5 “Everything they do is for show. On their arms they wear extra wide prayer boxes with Scripture verses inside, and they wear robes with extra long tassels.
Deuteronomy 6:4-9 – New Living Translation
4 “Listen, O Israel! The LORD is our God, the LORD alone.[a] 5 And you must love the LORD your God with all your heart, all your soul, and all your strength. 6 And you must commit yourselves wholeheartedly to these commands that I am giving you today. 7 Repeat them again and again to your children. Talk about them when you are at home and when you are on the road, when you are going to bed and when you are getting up. 8 Tie them to your hands and wear them on your forehead as reminders. 9 Write them on the doorposts of your house and on your gates.
To wear “them” (scripture) on a person’s head or hands, he would be wearing a ‘phylactery’ or ‘tefillin’.

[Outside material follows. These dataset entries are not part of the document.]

(* In the setting of the context, with $S(t)=\tilde S e^{(\beta/\gamma)\tilde R}\varphi^{-1}(t)$ and $S(\infty):=\lim_{t\to\infty}S(t)$, the following relation holds: \[ S(\infty)=\tilde S+\tilde E+\tilde I+\frac{\gamma}{\beta}\log\frac{S(\infty)}{\tilde S}. \]
   Context: Let $\beta,\gamma,\delta>0$ be constants and $\tilde S,\tilde E,\tilde I,\tilde R$ real numbers with $N:=\tilde S+\tilde E+\tilde I+\tilde R>0$. Standing assumptions: (A1) $\tilde I>0$; (A2) $\tilde E>(\gamma/\delta)\tilde I$; (A3) $\tilde S>\delta\tilde E/(\beta\tilde I)$; (A4) $\tilde R\ge 0$ and $N>\tilde S e^{(\beta/\gamma)\tilde R}+\tilde R$. Let $\alpha$ be the unique solution in $(\tilde R,N)$ of $x=N-\tilde S e^{(\beta/\gamma)\tilde R}e^{-(\beta/\gamma)x}$, and assume (A5) $\tilde S<(\gamma/\beta)e^{(\beta/\gamma)(\alpha-\tilde R)}$. Put $u_0:=e^{-(\beta/\gamma)\tilde R}$, $u_\infty:=e^{-(\beta/\gamma)\alpha}$. Let $\psi$ be the unique function, continuous and positive on $(u_\infty,u_0]$ and $C^1$ on $(u_\infty,u_0)$, satisfying $\psi'(u)\psi(u)-\frac{\gamma+\delta}{u}\psi(u)=-\delta\,\frac{\beta N-\beta\tilde S e^{(\beta/\gamma)\tilde R}u+\gamma\log u}{u}$ on $(u_\infty,u_0)$ and $\psi(u_0)=\beta\tilde I$. Let $\varphi(u):=\int_u^{u_0}\frac{d\xi}{\xi\psi(\xi)}$; $\varphi$ is a strictly decreasing continuous bijection from $(u_\infty,u_0]$ onto $[0,\infty)$, with inverse $\varphi^{-1}:[0,\infty)\to(u_\infty,u_0]$. *)

From Stdlib Require Import Reals.
From Coquelicot Require Import Coquelicot.
Open Scope R_scope.

Definition Ntot (St Et It Rt : R) : R := St + Et + It + Rt.

Definition u0 (beta gamma Rt : R) : R := exp (- (beta / gamma) * Rt).

Definition uinf (beta gamma alpha : R) : R := exp (- (beta / gamma) * alpha).

Definition phi (psi : R -> R) (u0v : R) (u : R) : R :=
  RInt (fun xi => / (xi * psi xi)) u u0v.

(** The map [phi] is finite on every interval [[a, u0]] with [a > u_inf]: its
    integrand is continuous there (after freezing [psi] to the right of [u0]),
    hence bounded.  So [phi (phiinv t) = t -> oo] forces [phiinv t -> u_inf],
    and [S(oo) = S~ e^{(beta/gamma) R~} u_inf].  The defining equation of
    [alpha] then reads [S(oo) = N - alpha], while
    [(gamma/beta) log (S(oo)/S~) = R~ - alpha]. *)

From Stdlib Require Import Reals Lra.
From Coquelicot Require Import Coquelicot.
Open Scope R_scope.

Lemma continuous_comp_Rmin_at_left (f : R -> R) (b : R) :
  filterlim f (at_left b) (locally (f b)) ->
  continuous (fun x => f (Rmin x b)) b.
Proof.
  intros Hleft.
  apply filterlim_locally; intros eps; cbv beta.
  rewrite (Rmin_left b b) by lra.
  pose proof (proj1 (filterlim_locally f (f b)) Hleft eps) as Hnear.
  eapply filter_imp; [|exact Hnear].
  intros x Hx.
  destruct (Rlt_le_dec x b) as [Hxb | Hxb].
  - rewrite Rmin_left by lra. now apply Hx.
  - rewrite Rmin_right by lra. apply ball_center.
Qed.

Lemma continuous_comp_Rmin_lt (f : R -> R) (b y : R) :
  y < b -> continuous f y -> continuous (fun x => f (Rmin x b)) y.
Proof.
  intros Hyb Hcont.
  apply (continuous_ext_loc _ f).
  - assert (Hd : 0 < b - y) by lra.
    exists (mkposreal _ Hd); intros z Hz.
    change (Rabs (z - y) < b - y) in Hz.
    apply Rabs_def2 in Hz.
    rewrite Rmin_left by lra. reflexivity.
  - exact Hcont.
Qed.

Lemma RInt_to_right_end_bounded (f : R -> R) (a b : R) :
  a <= b -> (forall x, a <= x <= b -> continuous f x) ->
  exists B, forall u, a <= u <= b -> RInt f u b <= B.
Proof.
  intros Hab Hcont.
  destruct (continuity_ab_maj f a b Hab) as [xmax [Hmax _]].
  { intros c Hc. apply continuity_pt_filterlim. now apply Hcont. }
  exists ((b - a) * Rmax 0 (f xmax)).
  intros u Hu.
  assert (Hint : ex_RInt f u b).
  { apply (@ex_RInt_continuous R_CompleteNormedModule). intros z Hz.
    rewrite Rmin_left in Hz by lra. rewrite Rmax_right in Hz by lra.
    apply Hcont. lra. }
  assert (Hle : RInt f u b <= RInt (fun _ => f xmax) u b).
  { apply RInt_le; [lra | exact Hint | apply ex_RInt_const |].
    intros x Hx. apply Hmax. lra. }
  rewrite RInt_const in Hle.
  change (RInt f u b <= (b - u) * f xmax) in Hle.
  assert ((b - u) * f xmax <= (b - u) * Rmax 0 (f xmax))
    by (apply Rmult_le_compat_l; [lra | apply Rmax_r]).
  assert ((b - u) * Rmax 0 (f xmax) <= (b - a) * Rmax 0 (f xmax))
    by (apply Rmult_le_compat_r; [apply Rmax_l | lra]).
  lra.
Qed.

Lemma phi_bounded_away_from_left_end (psi : R -> R) (lo hi : R) :
  0 <= lo ->
  (forall u, lo < u <= hi -> 0 < psi u) ->
  (forall u, lo < u < hi -> continuous psi u) ->
  filterlim psi (at_left hi) (locally (psi hi)) ->
  forall a, lo < a -> exists B, forall u, a <= u <= hi -> phi psi hi u <= B.
Proof.
  intros Hlo Hpos Hcont Hleft a Ha.
  destruct (Rle_lt_dec a hi) as [Hahi | Hhia];
    [| exists 0; intros u Hu; lra].
  set (g := fun x => / (x * psi (Rmin x hi))).
  assert (Hg : forall x, a <= x <= hi -> continuous g x).
  { intros x Hx.
    assert (Hpsi : 0 < psi (Rmin x hi))
      by (rewrite Rmin_left by lra; apply Hpos; lra).
    apply continuous_Rinv_comp.
    - apply (continuous_mult (fun y => y) (fun y => psi (Rmin y hi))).
      + apply continuous_id.
      + destruct (Rle_lt_or_eq_dec x hi (proj2 Hx)) as [Hxhi | ->].
        * apply continuous_comp_Rmin_lt; [lra | apply Hcont; lra].
        * now apply continuous_comp_Rmin_at_left.
    - apply Rgt_not_eq, Rmult_lt_0_compat; lra. }
  destruct (RInt_to_right_end_bounded g a hi Hahi Hg) as [B HB].
  exists B; intros u Hu.
  rewrite <- (HB u Hu).
  apply Req_le, RInt_ext; intros x Hx.
  rewrite Rmin_left in Hx by lra. rewrite Rmax_right in Hx by lra.
  unfold g. now rewrite (Rmin_left x hi) by lra.
Qed.

Lemma is_lim_inverse_of_unbounded (F g : R -> R) (lo hi : R) :
  (forall t, 0 <= t -> lo < g t <= hi /\ F (g t) = t) ->
  (forall a, lo < a -> exists B, forall u, a <= u <= hi -> F u <= B) ->
  is_lim g p_infty lo.
Proof.
  intros Hinv Hbound.
  apply is_lim_spec; intros eps; simpl.
  assert (Heps := cond_pos eps).
  destruct (Hbound (lo + eps / 2) ltac:(lra)) as [B HB].
  exists (Rmax 0 B); intros t Ht.
  pose proof (Rmax_l 0 B); pose proof (Rmax_r 0 B).
  destruct (Hinv t ltac:(lra)) as [Hrange HFt].
  rewrite Rabs_pos_eq by lra.
  destruct (Rlt_le_dec (g t) (lo + eps / 2)) as [Hnear | Hfar]; [lra |].
  pose proof (HB (g t) (conj Hfar (proj2 Hrange))). lra.
Qed.

Lemma final_size_relation (beta gamma St Et It Rt alpha : R) :
  0 < beta -> 0 < gamma -> 0 < St ->
  alpha = Ntot St Et It Rt
            - St * exp ((beta / gamma) * Rt) * exp (- (beta / gamma) * alpha) ->
  let Sinf := St * exp ((beta / gamma) * Rt) * uinf beta gamma alpha in
  Sinf = St + Et + It + (gamma / beta) * ln (Sinf / St).
Proof.
  intros Hbeta Hgamma HSt Halpha Sinf.
  unfold Sinf, uinf.
  replace (St * exp (beta / gamma * Rt) * exp (- (beta / gamma) * alpha) / St)
    with (exp (beta / gamma * Rt + - (beta / gamma) * alpha))
    by (rewrite exp_plus; field; lra).
  rewrite ln_exp.
  replace (gamma / beta * (beta / gamma * Rt + - (beta / gamma) * alpha))
    with (Rt - alpha) by (field; lra).
  unfold Ntot in Halpha. lra.
Qed.

Theorem theorem12
  (beta gamma delta St Et It Rt alpha : R) (psi phiinv : R -> R)
  (Hbeta : 0 < beta) (Hgamma : 0 < gamma) (Hdelta : 0 < delta)
  (HN : 0 < Ntot St Et It Rt)
  (A1 : 0 < It)
  (A2 : Et > (gamma / delta) * It)
  (A3 : St > delta * Et / (beta * It))
  (A4a : 0 <= Rt)
  (A4b : Ntot St Et It Rt > St * exp ((beta / gamma) * Rt) + Rt)
  (* alpha : the (unique) solution in (R~, N) of x = N - S~ e^{(b/g)R~} e^{-(b/g)x} *)
  (Halpha_lo : Rt < alpha) (Halpha_hi : alpha < Ntot St Et It Rt)
  (Halpha_eq : alpha = Ntot St Et It Rt
                 - St * exp ((beta / gamma) * Rt) * exp (- (beta / gamma) * alpha))
  (A5 : St < (gamma / beta) * exp ((beta / gamma) * (alpha - Rt)))
  (* psi : the (unique) solution of the ODE problem on (u_inf, u_0] *)
  (Hpsi_pos : forall u, uinf beta gamma alpha < u <= u0 beta gamma Rt -> 0 < psi u)
  (Hpsi_cont_left : filterlim psi (at_left (u0 beta gamma Rt))
                      (locally (psi (u0 beta gamma Rt))))
  (Hpsi_C1 : forall u, uinf beta gamma alpha < u < u0 beta gamma Rt ->
               ex_derive psi u /\ continuous (Derive psi) u)
  (Hpsi_ode : forall u, uinf beta gamma alpha < u < u0 beta gamma Rt ->
               Derive psi u * psi u - (gamma + delta) / u * psi u =
               - delta * (beta * Ntot St Et It Rt
                          - beta * St * exp ((beta / gamma) * Rt) * u
                          + gamma * ln u) / u)
  (Hpsi_init : psi (u0 beta gamma Rt) = beta * It)
  (* phiinv : the inverse of phi, from [0, oo) onto (u_inf, u_0] *)
  (Hphiinv : forall t, 0 <= t ->
               uinf beta gamma alpha < phiinv t <= u0 beta gamma Rt /\
               phi psi (u0 beta gamma Rt) (phiinv t) = t) :
  let S := fun t => St * exp ((beta / gamma) * Rt) * phiinv t in
  exists Sinf : R,
    is_lim S p_infty Sinf /\
    Sinf = St + Et + It + (gamma / beta) * ln (Sinf / St).
Proof.
  intros S.
  assert (HSt : 0 < St).
  { assert (0 < gamma / delta * It)
      by (apply Rmult_lt_0_compat; [apply Rdiv_lt_0_compat |]; lra).
    assert (0 < delta * Et / (beta * It))
      by (apply Rdiv_lt_0_compat; apply Rmult_lt_0_compat; lra).
    lra. }
  assert (Hlim : is_lim phiinv p_infty (uinf beta gamma alpha)).
  { apply (is_lim_inverse_of_unbounded (phi psi (u0 beta gamma Rt)) phiinv
             _ (u0 beta gamma Rt) Hphiinv).
    apply phi_bounded_away_from_left_end; auto.
    - left. apply exp_pos.
    - intros u Hu.
      exact (@ex_derive_continuous R_AbsRing R_NormedModule psi u (proj1 (Hpsi_C1 u Hu))). }
  exists (St * exp ((beta / gamma) * Rt) * uinf beta gamma alpha).
  split.
  - exact (is_lim_scal_l _ (St * exp ((beta / gamma) * Rt)) _ _ Hlim).
  - now apply final_size_relation.
Qed.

These were commanded in Deuteronomy 6:8 as a reminder of God’s promise and His commands. However, as is often the case, only the character of the person wearing the phylactery told of what value was held in wearing the phylactery.
There is a song by ‘D.C. Talk’ entitled “Jesus Freak”. Before I became married, this song seemed sort of ‘corny’, to me. But, I thought it was funny and was a source of encouragement.
I often wore t-shirts that had a message from the “Living Epistles”, God’s Gym series. My favorite shirt had a picture of Jesus Christ in a front, lean, as if He were doing a push-up. He had the cross lying horizontally on His shoulders. On the cross were the words “Sin of The World”. Beneath the sketch of Jesus leaning in a push-up position, were the words, “Bench Press This!”. On the reverse panel of the shirt, a nail pierced, bleeding hand with the words, “His Pain, Your Gain”.
For me, personally, this type of paraphernalia served as a constant reminder of who I am. I am a representative of Christ.
I wore these shirts with the knowledge that not everyone shared my zeal for Christ and I would appear to them just as the song by D.C. Talk suggest; a Jesus freak. I drew attention. And with that, I often got what I expected; scoffing. This was not showing off. I wore the shirts as a message for those who met me, for those who saw me as well as to those who knew me. But, most importantly, the shirts were always a reminder of who I was and the witness I would exude.
In Matthew 23:5, the Pharisees are being referenced as people whom do all they do for a show. My concern for people who read Matthew 23:5 is they will believe scripture is telling them to not be proud of who they are; and will stop wearing t-shirts, crosses, wwjd bracelets and other paraphernalia. I pray these people will be encouraged to continue living boldly for the Lord, in speech, action and activity. Be identified. The days of people asking, "Are you a Christian?" are dwindling. I made that mistake a few months ago when I came in contact with an old high school friend of mine. He’s a Muslim. It happened again with a co-worker who informed me that I was creating a hostile environment for him.
Most people have a desire to be good. It is easy to mistake that we Christians are in mutual friendship. Today, it is not enough to even ask a person if they are a Christian. We have to dig a little further to understand where the person is coming from. Those are the people who may ‘show’ their t-shirts or display an ichthus (out line of a fish) on their cars with out acknowledging to themselves that their conduct or language betrays those icons of identity.
Joshua 1:9 (New International Version)
9 Have I not commanded you? Be strong and courageous. Do not be terrified; do not be discouraged, for the LORD your God will be with you wherever you go."